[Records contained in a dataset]
=-=-=
(* Abstract unstable lamination of a partially hyperbolic diffeomorphism f:
   points of M, f and its inverse, the unstable-leaf relation
   (Wu y z  <->  z in W^u(y)), the leafwise induced distance d^u
   (only meaningful for points on a common leaf), and the uniform
   expansion constants 1 < sigma1 <= sigma2 integrated along leaves. *)
Record UnstableLamination := {
  pt : Type;
  fm : pt -> pt;
  fm_inv : pt -> pt;
  fm_invK : forall y, fm_inv (fm y) = y;
  fmK : forall y, fm (fm_inv y) = y;
  Wu : pt -> pt -> Prop;
  Wu_refl : forall y, Wu y y;
  Wu_sym : forall y z, Wu y z -> Wu z y;
  Wu_trans : forall y z w, Wu y z -> Wu z w -> Wu y w;
  Wu_f : forall y z, Wu y z <-> Wu (fm y) (fm z);
  du : pt -> pt -> R;
  du_refl : forall y, du y y = 0;
  du_sym : forall y z, Wu y z -> du y z = du z y;
  du_triangle : forall y z w, Wu y z -> Wu z w -> du y w <= du y z + du z w;
  du_pos : forall y z, Wu y z -> y <> z -> 0 < du y z;
  sigma1 : R;
  sigma2 : R;
  sigma_bounds : 1 < sigma1 <= sigma2;
  du_f_bounds : forall y z, Wu y z ->
      sigma1 * du y z <= du (fm y) (fm z) <= sigma2 * du y z;
  Wu_complete : forall (y : pt) (u : nat -> pt),
      (forall n, Wu y (u n)) ->
      (forall eps, 0 < eps -> exists N, forall m n, (N <= m)%nat -> (N <= n)%nat ->
          du (u m) (u n) < eps) ->
      exists l, Wu y l /\
        (forall eps, 0 < eps -> exists N, forall n, (N <= n)%nat -> du l (u n) < eps)
}.

Section Defs.
Variable U : UnstableLamination.

Definition fiter (n : nat) (y : pt U) : pt U := Nat.iter n (fm U) y.

Definition Bu (z : pt U) (r : R) (y : pt U) : Prop := Wu U z y /\ du U z y < r.

Definition leaf_open (A : pt U -> Prop) : Prop :=
  forall y, A y -> exists r, 0 < r /\ forall z, Bu y r z -> A z.

Definition leaf_connected (A : pt U -> Prop) : Prop :=
  forall P Q : pt U -> Prop, leaf_open P -> leaf_open Q ->
    (forall y, A y -> P y \/ Q y) ->
    (forall y, A y -> ~ (P y /\ Q y)) ->
    (exists y, A y /\ P y) -> (exists y, A y /\ Q y) -> False.

Definition leaf_closure (A : pt U -> Prop) (y : pt U) : Prop :=
  forall eps, 0 < eps -> exists z, A z /\ Wu U y z /\ du U y z < eps.

Definition initial_domain (x : pt U) (delta tau : R) (x0 : pt U)
    (D0 : pt U -> Prop) : Prop :=
  Wu U x x0 /\ leaf_open D0 /\ leaf_connected D0 /\
  (forall y, Bu x0 ((1 - tau) * delta / 2) y -> D0 y) /\
  (forall y, D0 y -> Bu x0 ((1 + tau) * delta) y).

Definition tile (x : pt U) (delta tau : R) (n : nat) (c : pt U)
    (A : pt U -> Prop) : Prop :=
  Wu U x c /\ leaf_open A /\ leaf_connected A /\
  (forall y, A y -> Wu U x y) /\
  (forall y, Wu U x y -> du U (fiter n c) (fiter n y) < (1 - tau) * delta / 2 -> A y) /\
  (forall y, A y -> du U (fiter n c) (fiter n y) < (1 + tau) * delta).

(* Family of f-induced (D0,δ,τ)-local tilings: for n >= 1 the tiles are
   D n i for i < k n (indices shifted to start at 0), with centres xs n i. *)
Definition local_tilings (x : pt U) (delta tau : R) (D0 : pt U -> Prop)
    (k : nat -> nat) (D : nat -> nat -> pt U -> Prop) (xs : nat -> nat -> pt U)
    : Prop :=
  forall n, (1 <= n)%nat ->
    (forall i, (i < k n)%nat -> tile x delta tau n (xs n i) (D n i)) /\
    (forall i j y, (i < k n)%nat -> (j < k n)%nat -> i <> j ->
        ~ (D n i y /\ D n j y)) /\
    (forall y, D0 y -> exists i, (i < k n)%nat /\ leaf_closure (D n i) y) /\
    (forall i, (i < k n)%nat -> exists y, D n i y /\ D0 y).

Section Game.
Variables (D0 : pt U -> Prop) (k : nat -> nat) (D : nat -> nat -> pt U -> Prop).

(* psi (z,n): the n-atom containing z (T_0 = {D0}, T_n = {D n i | i < k n}) *)
Definition psi (w : pt U * nat) (y : pt U) : Prop :=
  let (z, n) := w in
  (n = 0%nat /\ D0 z /\ D0 y) \/
  ((1 <= n)%nat /\ exists i, (i < k n)%nat /\ D n i z /\ D n i y).

Definition Omega (w : pt U * nat) : Prop := psi w (fst w).

Definition le_atom (w w' : pt U * nat) : Prop := forall y, psi w y -> psi w' y.

(* history given to Alice before her k-th move: [β0;α0;...;β(k-1);α(k-1);βk] *)
Fixpoint hist_pre (alpha beta : nat -> pt U * nat) (j : nat) : list (pt U * nat) :=
  match j with
  | O => nil
  | S j' => hist_pre alpha beta j' ++ (beta j' :: alpha j' :: nil)
  end.

Definition hist (alpha beta : nat -> pt U * nat) (j : nat) : list (pt U * nat) :=
  hist_pre alpha beta j ++ (beta j :: nil).

Definition bob_legal (b : nat) (alpha beta : nat -> pt U * nat) (j : nat) : Prop :=
  Omega (beta j) /\
  match j with
  | O => True
  | S j' => le_atom (beta j) (alpha j') /\ snd (beta j) = (snd (alpha j') + b)%nat
  end.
=-=-=
▶ [Required work] Each line of the data above is to be set down exactly.

▶ [Response to this exercise]
(* Abstract unstable lamination of a partially hyperbolic diffeomorphism f:
   points of M, f and its inverse, the unstable-leaf relation
   (Wu y z  <->  z in W^u(y)), the leafwise induced distance d^u
   (only meaningful for points on a common leaf), and the uniform
   expansion constants 1 < sigma1 <= sigma2 integrated along leaves. *)
Record UnstableLamination := {
  pt : Type;
  fm : pt -> pt;
  fm_inv : pt -> pt;
  fm_invK : forall y, fm_inv (fm y) = y;
  fmK : forall y, fm (fm_inv y) = y;
  Wu : pt -> pt -> Prop;
  Wu_refl : forall y, Wu y y;
  Wu_sym : forall y z, Wu y z -> Wu z y;
  Wu_trans : forall y z w, Wu y z -> Wu z w -> Wu y w;
  Wu_f : forall y z, Wu y z <-> Wu (fm y) (fm z);
  du : pt -> pt -> R;
  du_refl : forall y, du y y = 0;
  du_sym : forall y z, Wu y z -> du y z = du z y;
  du_triangle : forall y z w, Wu y z -> Wu z w -> du y w <= du y z + du z w;
  du_pos : forall y z, Wu y z -> y <> z -> 0 < du y z;
  sigma1 : R;
  sigma2 : R;
  sigma_bounds : 1 < sigma1 <= sigma2;
  du_f_bounds : forall y z, Wu y z ->
      sigma1 * du y z <= du (fm y) (fm z) <= sigma2 * du y z;
  Wu_complete : forall (y : pt) (u : nat -> pt),
      (forall n, Wu y (u n)) ->
      (forall eps, 0 < eps -> exists N, forall m n, (N <= m)%nat -> (N <= n)%nat ->
          du (u m) (u n) < eps) ->
      exists l, Wu y l /\
        (forall eps, 0 < eps -> exists N, forall n, (N <= n)%nat -> du l (u n) < eps)
}.

Section Defs.
Variable U : UnstableLamination.

Definition fiter (n : nat) (y : pt U) : pt U := Nat.iter n (fm U) y.

Definition Bu (z : pt U) (r : R) (y : pt U) : Prop := Wu U z y /\ du U z y < r.

Definition leaf_open (A : pt U -> Prop) : Prop :=
  forall y, A y -> exists r, 0 < r /\ forall z, Bu y r z -> A z.

Definition leaf_connected (A : pt U -> Prop) : Prop :=
  forall P Q : pt U -> Prop, leaf_open P -> leaf_open Q ->
    (forall y, A y -> P y \/ Q y) ->
    (forall y, A y -> ~ (P y /\ Q y)) ->
    (exists y, A y /\ P y) -> (exists y, A y /\ Q y) -> False.

Definition leaf_closure (A : pt U -> Prop) (y : pt U) : Prop :=
  forall eps, 0 < eps -> exists z, A z /\ Wu U y z /\ du U y z < eps.

Definition initial_domain (x : pt U) (delta tau : R) (x0 : pt U)
    (D0 : pt U -> Prop) : Prop :=
  Wu U x x0 /\ leaf_open D0 /\ leaf_connected D0 /\
  (forall y, Bu x0 ((1 - tau) * delta / 2) y -> D0 y) /\
  (forall y, D0 y -> Bu x0 ((1 + tau) * delta) y).

Definition tile (x : pt U) (delta tau : R) (n : nat) (c : pt U)
    (A : pt U -> Prop) : Prop :=
  Wu U x c /\ leaf_open A /\ leaf_connected A /\
  (forall y, A y -> Wu U x y) /\
  (forall y, Wu U x y -> du U (fiter n c) (fiter n y) < (1 - tau) * delta / 2 -> A y) /\
  (forall y, A y -> du U (fiter n c) (fiter n y) < (1 + tau) * delta).

(* Family of f-induced (D0,δ,τ)-local tilings: for n >= 1 the tiles are
   D n i for i < k n (indices shifted to start at 0), with centres xs n i. *)
Definition local_tilings (x : pt U) (delta tau : R) (D0 : pt U -> Prop)
    (k : nat -> nat) (D : nat -> nat -> pt U -> Prop) (xs : nat -> nat -> pt U)
    : Prop :=
  forall n, (1 <= n)%nat ->
    (forall i, (i < k n)%nat -> tile x delta tau n (xs n i) (D n i)) /\
    (forall i j y, (i < k n)%nat -> (j < k n)%nat -> i <> j ->
        ~ (D n i y /\ D n j y)) /\
    (forall y, D0 y -> exists i, (i < k n)%nat /\ leaf_closure (D n i) y) /\
    (forall i, (i < k n)%nat -> exists y, D n i y /\ D0 y).

Section Game.
Variables (D0 : pt U -> Prop) (k : nat -> nat) (D : nat -> nat -> pt U -> Prop).

(* psi (z,n): the n-atom containing z (T_0 = {D0}, T_n = {D n i | i < k n}) *)
Definition psi (w : pt U * nat) (y : pt U) : Prop :=
  let (z, n) := w in
  (n = 0%nat /\ D0 z /\ D0 y) \/
  ((1 <= n)%nat /\ exists i, (i < k n)%nat /\ D n i z /\ D n i y).

Definition Omega (w : pt U * nat) : Prop := psi w (fst w).

Definition le_atom (w w' : pt U * nat) : Prop := forall y, psi w y -> psi w' y.

(* history given to Alice before her k-th move: [β0;α0;...;β(k-1);α(k-1);βk] *)
Fixpoint hist_pre (alpha beta : nat -> pt U * nat) (j : nat) : list (pt U * nat) :=
  match j with
  | O => nil
  | S j' => hist_pre alpha beta j' ++ (beta j' :: alpha j' :: nil)
  end.

Definition hist (alpha beta : nat -> pt U * nat) (j : nat) : list (pt U * nat) :=
  hist_pre alpha beta j ++ (beta j :: nil).

Definition bob_legal (b : nat) (alpha beta : nat -> pt U * nat) (j : nat) : Prop :=
  Omega (beta j) /\
  match j with
  | O => True
  | S j' => le_atom (beta j) (alpha j') /\ snd (beta j) = (snd (alpha j') + b)%nat
  end.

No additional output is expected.